The settlement with St. Elizabeth is the latest of a series of settlements with defendants in the qui tam suit. In 2005, Eisenhower Medical Center, paid the federal government $8 million to resolve allegations that it submitted false claims in Eisenhower's 1990 through 1998 Medicare cost reports (see: http://www.usdoj.gov/usao/cac/pr2005/123.html). In 2004, HealthSouth Corporation paid the federal government $736,410 to resolve allegations that it submitted false claims in HealthSouth Bakersfield's 1992 Medicare cost report (see: http://www.usdoj.gov/opa/pr/2004/December/04_civ_807.htm). In 2002, Lovelace Health Systems, a New Mexico hospital and health maintenance organization owned by Cigna Corporation, paid the federal government $24.5 million to resolve allegations that it submitted fraudulent claims in 10 years of Medicare cost reports and reopening requests (see: http://www.usdoj.gov/usao/cac/pr2002/167.html). Also in 2002, St. Joseph's Hospital in Houston, one of the CHRISTUS chain of hospitals, paid $1,569,000 to resolve allegations that it knowingly failed to disclose an overpayment made by the federal Medicare program (see: http://www.usdoj.gov/usao/cac/pr2002/041.html).

Most of this information is from the press release issued on October 30, 2006 by the U.S. Attorney's Office for the Central District of California.

Jury finds Amerigroup violated False Claims Act

A federal jury found insurance company Amerigroup Corp. and an Illinois affiliate liable for discrimination by denying coverage to pregnant women. The jury awarded $48 million to the plaintiffs (including the federal and Illinois governments and a whistleblower former employee), an amount that will be tripled under the provisions of the False Claims Act. The company could also be liable for as much as $199 million in penalties.

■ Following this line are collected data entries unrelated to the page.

Definition is_inner_product (R : Type) (zeroR : R) (addR mulR : R -> R -> R)
  (st : R -> R) (P : R -> Prop)
  (M : Type) (zero : M) (add : M -> M -> M) (act : M -> R -> M)
  (ip : M -> M -> R) : Prop :=
  (forall x y z r, ip x (add (act y r) z) = addR (mulR (ip x y) r) (ip x z)) /\
  (forall x y, st (ip x y) = ip y x) /\
  (forall x, P (ip x x)) /\
  (forall x, ip x x = zeroR -> x = zero).

Definition is_inner_product_module (R : Type) (zeroR oneR : R)
  (addR mulR : R -> R -> R) (st : R -> R) (P : R -> Prop)
  (M : Type) (zero : M) (add : M -> M -> M) (act : M -> R -> M)
  (ip : M -> M -> R) : Prop :=
  is_right_module oneR addR mulR zero add act /\
  is_inner_product zeroR addR mulR st P zero add act ip.

Definition is_adjoint (R M N : Type) (ipM : M -> M -> R) (ipN : N -> N -> R)
  (F : M -> N) (G : N -> M) : Prop :=
  forall (y : N) (x : M), ipM (G y) x = ipN y (F x).

(* The sum of [f, g : X -> Y] is [∇ ∘ <f, g>] through any biproduct [Y ⊕ Y]; it does
   not depend on the biproduct, and [[a, b] ∘ <u, v> = a u + b v].  Hence composition
   is bilinear, and the interchange law [(a + b) + (c + d) = (a + c) + (b + d)] gives
   commutativity and associativity (Eckmann-Hilton).  Orthonormal biproducts make [*]
   additive and give [x^* x + y^* y = w^* w] for [w = <x, y>], so hermitian squares are
   closed under sums; anisotropy comes from isometric kernels.  Negatives come from
   (R4): the components [k1, k2] of an isometric kernel [k] of [Δ^*] satisfy
   [k1 + k2 = 0] and [k1^* k1 = k2^* k2], and [k1^*] is monic because [Δ] is a kernel;
   so [t = k1^* + k1^*] is a right inverse of [k1] and [k2 t] is [-1]. *)

From Stdlib Require Import ClassicalEpsilon.

Set Implicit Arguments.
Unset Strict Implicit.

Section ZeroObject.

Variables (C : Category) (Z : Obj C) (HZ : is_zero_object Z).

Lemma zmor_factor (X Y : Obj C) (g : Hom X Z) (h : Hom Z Y) : zmor HZ X Y = h ∘ g.
Proof.
  unfold zmor.
  destruct (constructive_indefinite_description _ (proj2 HZ Y)) as [hY HY].
  destruct (constructive_indefinite_description _ (proj1 HZ X)) as [gX HX].
  simpl. rewrite (HY h), (HX g). reflexivity.
Qed.

Lemma zmor_comp (X Y W : Obj C) (f : Hom W X) : zmor HZ X Y ∘ f = zmor HZ W Y.
Proof.
  destruct (proj1 HZ X) as [g _]. destruct (proj2 HZ Y) as [h _].
  rewrite (zmor_factor g h), <- comp_assoc. symmetry. apply zmor_factor.
Qed.

Lemma comp_zmor (X Y W : Obj C) (f : Hom Y W) : f ∘ zmor HZ X Y = zmor HZ X W.
Proof.
  destruct (proj1 HZ X) as [g _]. destruct (proj2 HZ Y) as [h _].
  rewrite (zmor_factor g h), comp_assoc. symmetry. apply zmor_factor.
Qed.

End ZeroObject.

Lemma star_zmor (C : StarCategory) (Z : Obj C) (HZ : is_zero_object Z) (X Y : Obj C) :
  star (zmor HZ X Y) = zmor HZ Y X.
Proof.
  destruct (proj1 HZ X) as [g _]. destruct (proj2 HZ Y) as [h _].
  rewrite (zmor_factor HZ g h), star_comp. symmetry. apply zmor_factor.
Qed.

Section Biproduct.

Variables (C : Category) (z : forall X Y : Obj C, Hom X Y).
Variables (X1 X2 B : Obj C) (s1 : Hom X1 B) (r1 : Hom B X1) (s2 : Hom X2 B) (r2 : Hom B X2).
Hypothesis Hbp : is_biproduct z s1 r1 s2 r2.

Lemma biprod_pair (W : Obj C) (f1 : Hom W X1) (f2 : Hom W X2) :
  exists h, r1 ∘ h = f1 /\ r2 ∘ h = f2.
Proof.
  destruct Hbp as (_&_&_&_&Hpair&_).
  destruct (Hpair W f1 f2) as [h [H1 [H2 _]]]. eauto.
Qed.

Lemma biprod_copair (W : Obj C) (g1 : Hom X1 W) (g2 : Hom X2 W) :
  exists h, h ∘ s1 = g1 /\ h ∘ s2 = g2.
Proof.
  destruct Hbp as (_&_&_&_&_&Hcopair).
  destruct (Hcopair W g1 g2) as [h [H1 [H2 _]]]. eauto.
Qed.

Lemma biprod_proj_ext (W : Obj C) (h h' : Hom W B) :
  r1 ∘ h = r1 ∘ h' -> r2 ∘ h = r2 ∘ h' -> h = h'.
Proof.
  intros E1 E2. destruct Hbp as (_&_&_&_&Hpair&_).
  destruct (Hpair W (r1 ∘ h) (r2 ∘ h)) as [k [_ [_ Hk]]].
  rewrite (Hk h), (Hk h'); auto.
Qed.

Lemma biprod_inj_ext (W : Obj C) (h h' : Hom B W) :
  h ∘ s1 = h' ∘ s1 -> h ∘ s2 = h' ∘ s2 -> h = h'.
Proof.
  intros E1 E2. destruct Hbp as (_&_&_&_&_&Hcopair).
  destruct (Hcopair W (h ∘ s1) (h ∘ s2)) as [k [_ [_ Hk]]].
  rewrite (Hk h), (Hk h'); auto.
Qed.

End Biproduct.

Lemma kernel_factor (C : Category) (z : forall X Y : Obj C, Hom X Y) (X Y K W : Obj C)
    (f : Hom X Y) (m : Hom K X) (u : Hom W X) :
  is_kernel z f m -> f ∘ u = z W Y -> exists h, m ∘ h = u.
Proof. intros [_ Hm] Hu. destruct (Hm W u Hu) as [h [Hh _]]. eauto. Qed.

Section Enrichment.

Variable C : PreHilbert.

Lemma phz_comp (X Y W : Obj C) (f : Hom W X) : phz X Y ∘ f = phz W Y.
Proof. apply zmor_comp. Qed.

Lemma comp_phz (X Y W : Obj C) (f : Hom Y W) : f ∘ phz X Y = phz X W.
Proof. apply comp_zmor. Qed.

Lemma star_phz (X Y : Obj C) : star (phz X Y) = phz Y X.
Proof. apply star_zmor. Qed.

Lemma is_sum_unique (X Y : Obj C) (f g h h' : Hom X Y) :
  is_sum f g h -> is_sum f g h' -> h = h'.
Proof.
  intros (B&s1&r1&s2&r2&Hbp&p&c&Hp1&Hp2&Hc1&Hc2&->).
  intros (B'&s1'&r1'&s2'&r2'&Hbp'&p'&c'&Hp1'&Hp2'&Hc1'&Hc2'&->).
  pose proof Hbp as (E11&E22&E21&E12&_).
  pose proof Hbp' as (E11'&E22'&E21'&E12'&_).
  destruct (biprod_pair Hbp' r1 r2) as [phi [F1 F2]].
  assert (Hs1 : phi ∘ s1 = s1').
  { apply (biprod_proj_ext Hbp'); rewrite comp_assoc;
      [rewrite F1, E11, E11' | rewrite F2, E21, E21']; reflexivity. }
  assert (Hs2 : phi ∘ s2 = s2').
  { apply (biprod_proj_ext Hbp'); rewrite comp_assoc;
      [rewrite F1, E12, E12' | rewrite F2, E22, E22']; reflexivity. }
  assert (Hc : c' ∘ phi = c).
  { apply (biprod_inj_ext Hbp); rewrite <- comp_assoc;
      [rewrite Hs1, Hc1, Hc1' | rewrite Hs2, Hc2, Hc2']; reflexivity. }
  assert (Hp : p' = phi ∘ p).
  { apply (biprod_proj_ext Hbp'); rewrite comp_assoc;
      [rewrite F1, Hp1, Hp1' | rewrite F2, Hp2, Hp2']; reflexivity. }
  rewrite Hp, comp_assoc, Hc. reflexivity.
Qed.

Lemma phadd_codiag (X Y B : Obj C) (s1 : Hom Y B) r1 s2 r2 :
  is_biproduct (@phz C) s1 r1 s2 r2 ->
  forall (f g : Hom X Y) (p : Hom X B) (c : Hom B Y),
  r1 ∘ p = f -> r2 ∘ p = g -> c ∘ s1 = idm Y -> c ∘ s2 = idm Y -> phadd f g = c ∘ p.
Proof.
  intros Hbp f g p c Hp1 Hp2 Hc1 Hc2.
  assert (Hsum : is_sum f g (c ∘ p)) by (exists B, s1, r1, s2, r2; split; eauto 10).
  refine (is_sum_unique _ Hsum).
  unfold phadd. apply epsilon_spec. eauto.
Qed.

(* [q = ∇ ∘ M] with [M = <a r1, b r2>] the direct sum of [a] and [b]. *)
Lemma phadd_matrix (X1 X2 B W V : Obj C) (s1 : Hom X1 B) r1 (s2 : Hom X2 B) r2 :
  is_biproduct (@phz C) s1 r1 s2 r2 ->
  forall (a : Hom X1 V) (b : Hom X2 V) (u : Hom W X1) (v : Hom W X2)
         (q : Hom B V) (p : Hom W B),
  q ∘ s1 = a -> q ∘ s2 = b -> r1 ∘ p = u -> r2 ∘ p = v ->
  phadd (a ∘ u) (b ∘ v) = q ∘ p.
Proof.
  intros Hbp a b u v q p Hq1 Hq2 Hp1 Hp2.
  pose proof Hbp as (E11&E22&E21&E12&_).
  destruct (ph_biprod V V) as (B'&s1'&r1'&s2'&r2'&[Hbp' _]).
  pose proof Hbp' as (E11'&E22'&E21'&E12'&_).
  destruct (biprod_pair Hbp' (a ∘ r1) (b ∘ r2)) as [M [M1 M2]].
  destruct (biprod_copair Hbp' (idm V) (idm V)) as [c [Hc1 Hc2]].
  assert (Hq : c ∘ M = q).
  { apply (biprod_inj_ext Hbp).
    - assert (HM : M ∘ s1 = s1' ∘ a).
      { apply (biprod_proj_ext Hbp'); rewrite !comp_assoc;
          [rewrite M1, E11' | rewrite M2, E21']; rewrite <- comp_assoc;
          [rewrite E11 | rewrite E21];
          rewrite ?comp_id_l, ?comp_id_r, ?comp_phz, ?phz_comp; reflexivity. }
      rewrite <- comp_assoc, HM, comp_assoc, Hc1, Hq1, comp_id_l. reflexivity.
    - assert (HM : M ∘ s2 = s2' ∘ b).
      { apply (biprod_proj_ext Hbp'); rewrite !comp_assoc;
          [rewrite M1, E12' | rewrite M2, E22']; rewrite <- comp_assoc;
          [rewrite E12 | rewrite E22];
          rewrite ?comp_id_l, ?comp_id_r, ?comp_phz, ?phz_comp; reflexivity. }
      rewrite <- comp_assoc, HM, comp_assoc, Hc2, Hq2, comp_id_l. reflexivity. }
  rewrite <- Hq, <- comp_assoc.
  apply (phadd_codiag Hbp'); auto; rewrite comp_assoc;
    [rewrite M1, <- comp_assoc, Hp1 | rewrite M2, <- comp_assoc, Hp2]; reflexivity.
Qed.

Lemma phadd_0_l (W Y : Obj C) (g : Hom W Y) : phadd (phz W Y) g = g.
Proof.
  destruct (ph_biprod Y Y) as (B&s1&r1&s2&r2&[Hbp _]).
  pose proof Hbp as (_&E22&_&E12&_).
  destruct (biprod_copair Hbp (idm Y) (idm Y)) as [c [Hc1 Hc2]].
  rewrite (phadd_codiag Hbp (p := s2 ∘ g) (c := c)); auto.
  - rewrite comp_assoc, Hc2, comp_id_l. reflexivity.
  - rewrite comp_assoc, E12, phz_comp. reflexivity.
  - rewrite comp_assoc, E22, comp_id_l. reflexivity.
Qed.

Lemma phadd_0_r (W Y : Obj C) (g : Hom W Y) : phadd g (phz W Y) = g.
Proof.
  destruct (ph_biprod Y Y) as (B&s1&r1&s2&r2&[Hbp _]).
  pose proof Hbp as (E11&_&E21&_&_).
  destruct (biprod_copair Hbp (idm Y) (idm Y)) as [c [Hc1 Hc2]].
  rewrite (phadd_codiag Hbp (p := s1 ∘ g) (c := c)); auto.
  - rewrite comp_assoc, Hc1, comp_id_l. reflexivity.
  - rewrite comp_assoc, E11, comp_id_l. reflexivity.
  - rewrite comp_assoc, E21, phz_comp. reflexivity.
Qed.

Lemma comp_phadd_r (V W Y : Obj C) (f g : Hom W Y) (e : Hom V W) :
  phadd f g ∘ e = phadd (f ∘ e) (g ∘ e).
Proof.
  destruct (ph_biprod Y Y) as (B&s1&r1&s2&r2&[Hbp _]).
  destruct (biprod_copair Hbp (idm Y) (idm Y)) as [c [Hc1 Hc2]].
  destruct (biprod_pair Hbp f g) as [p [Hp1 Hp2]].
  rewrite (phadd_codiag Hbp Hp1 Hp2 Hc1 Hc2), <- comp_assoc.
  symmetry. apply (phadd_codiag Hbp); auto; rewrite comp_assoc; [rewrite Hp1 | rewrite Hp2];
    reflexivity.
Qed.

Lemma comp_phadd_l (V W Y : Obj C) (f g : Hom W Y) (k : Hom Y V) :
  k ∘ phadd f g = phadd (k ∘ f) (k ∘ g).
Proof.
  destruct (ph_biprod Y Y) as (B&s1&r1&s2&r2&[Hbp _]).
  destruct (biprod_copair Hbp (idm Y) (idm Y)) as [c [Hc1 Hc2]].
  destruct (biprod_pair Hbp f g) as [p [Hp1 Hp2]].
  rewrite (phadd_codiag Hbp Hp1 Hp2 Hc1 Hc2), comp_assoc.
  symmetry. apply (phadd_matrix Hbp); auto; rewrite <- comp_assoc;
    [rewrite Hc1 | rewrite Hc2]; apply comp_id_r.
Qed.

(* Both sides equal [∇ ∘ M ∘ Δ] for the matrix [M = ((a, b), (c, d))]. *)
Lemma phadd_interchange (X Y : Obj C) (a b c d : Hom X Y) :
  phadd (phadd a b) (phadd c d) = phadd (phadd a c) (phadd b d).
Proof.
  destruct (ph_biprod X X) as (B&s1&r1&s2&r2&[Hbp _]).
  destruct (ph_biprod Y Y) as (B'&s1'&r1'&s2'&r2'&[Hbp' _]).
  destruct (biprod_pair Hbp (idm X) (idm X)) as [diag [Hd1 Hd2]].
  destruct (biprod_copair Hbp' (idm Y) (idm Y)) as [codiag [Hn1 Hn2]].
  destruct (biprod_copair Hbp a b) as [ab [Hab1 Hab2]].
  destruct (biprod_copair Hbp c d) as [cd [Hcd1 Hcd2]].
  destruct (biprod_pair Hbp' ab cd) as [M [HM1 HM2]].
  assert (Hrow : forall (e f : Hom X Y) (ef : Hom B Y),
            ef ∘ s1 = e -> ef ∘ s2 = f -> phadd e f = ef ∘ diag).
  { intros e f ef H1 H2. rewrite <- (comp_id_r _ _ _ e), <- (comp_id_r _ _ _ f).
    apply (phadd_matrix Hbp); assumption. }
  assert (Hcol : forall i : Hom X B, phadd (ab ∘ i) (cd ∘ i) = codiag ∘ (M ∘ i)).
  { intro i. apply (phadd_codiag Hbp'); auto; rewrite comp_assoc;
      [rewrite HM1 | rewrite HM2]; reflexivity. }
  rewrite (Hrow a b ab), (Hrow c d cd), Hcol by assumption.
  rewrite <- Hab1, <- Hcd1, <- Hab2, <- Hcd2, !Hcol.
  rewrite !comp_assoc. symmetry. apply Hrow; reflexivity.
Qed.

Lemma phadd_comm (X Y : Obj C) (f g : Hom X Y) : phadd f g = phadd g f.
Proof.
  pose proof (phadd_interchange (phz X Y) f g (phz X Y)) as H.
  rewrite !phadd_0_l, !phadd_0_r in H. exact H.
Qed.

Lemma phadd_assoc (X Y : Obj C) (f g h : Hom X Y) :
  phadd f (phadd g h) = phadd (phadd f g) h.
Proof.
  pose proof (phadd_interchange f (phz X Y) g h) as H.
  rewrite phadd_0_l, phadd_0_r in H. exact H.
Qed.

Lemma star_phadd (X Y : Obj C) (f g : Hom X Y) :
  star (phadd f g) = phadd (star f) (star g).
Proof.
  destruct (ph_biprod Y Y) as (B&s1&r1&s2&r2&Hbp&->&->).
  destruct (biprod_copair Hbp (idm Y) (idm Y)) as [c [Hc1 Hc2]].
  destruct (biprod_pair Hbp f g) as [p [Hp1 Hp2]].
  rewrite (phadd_codiag Hbp Hp1 Hp2 Hc1 Hc2), star_comp.
  rewrite <- (comp_id_r _ _ _ (star f)), <- (comp_id_r _ _ _ (star g)).
  symmetry. apply (phadd_matrix Hbp).
  - rewrite <- (star_star _ _ _ s1), <- star_comp, Hp1. reflexivity.
  - rewrite <- (star_star _ _ _ s2), <- star_comp, Hp2. reflexivity.
  - rewrite <- star_comp, Hc1, star_id. reflexivity.
  - rewrite <- star_comp, Hc2, star_id. reflexivity.
Qed.

Lemma phadd_star_comp_self (A X Y : Obj C) (x : Hom A X) (y : Hom A Y) :
  exists B (r1 : Hom B X) (w : Hom A B),
    r1 ∘ w = x /\ phadd (star x ∘ x) (star y ∘ y) = star w ∘ w.
Proof.
  destruct (ph_biprod X Y) as (B&s1&r1&s2&r2&Hbp&->&->).
  destruct (biprod_pair Hbp x y) as [w [Hw1 Hw2]].
  exists B, (star s1), w. split; [exact Hw1|].
  apply (phadd_matrix Hbp); auto;
    rewrite <- (star_star _ _ _ (star w ∘ _)), star_comp, star_star; f_equal; assumption.
Qed.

Amerigroup had contracted with Illinois to provide services to Medicaid patients but decided to maximize its profits by keeping pregnant women and others with expensive medical conditions off its rolls. That cheated the government, which was subsidizing the company to market its services evenly among all low-income patients.

The verdict was reported on in the October 30, 2006 editions of Bloomberg News and the Houston Chronicle.

Shipper pays $4.2 million to settle False Claims Act charges

AIT Worldwide Logistic Inc., has agreed to pay $4.2 million to settle a whistleblower suit brought under the qui tam provisions of the False Claims Act.

The suit alleged that the shipper provided illegal gratutities to secure contracts at Norfolk Naval Shipyard. All of the shipyard's bills of lading between 1999 and 2004 were awarded to AIT.

The company did not admit liability in the settlement.

Additional details are available in the October 21, 2006 issue of The Virginian-Pilot.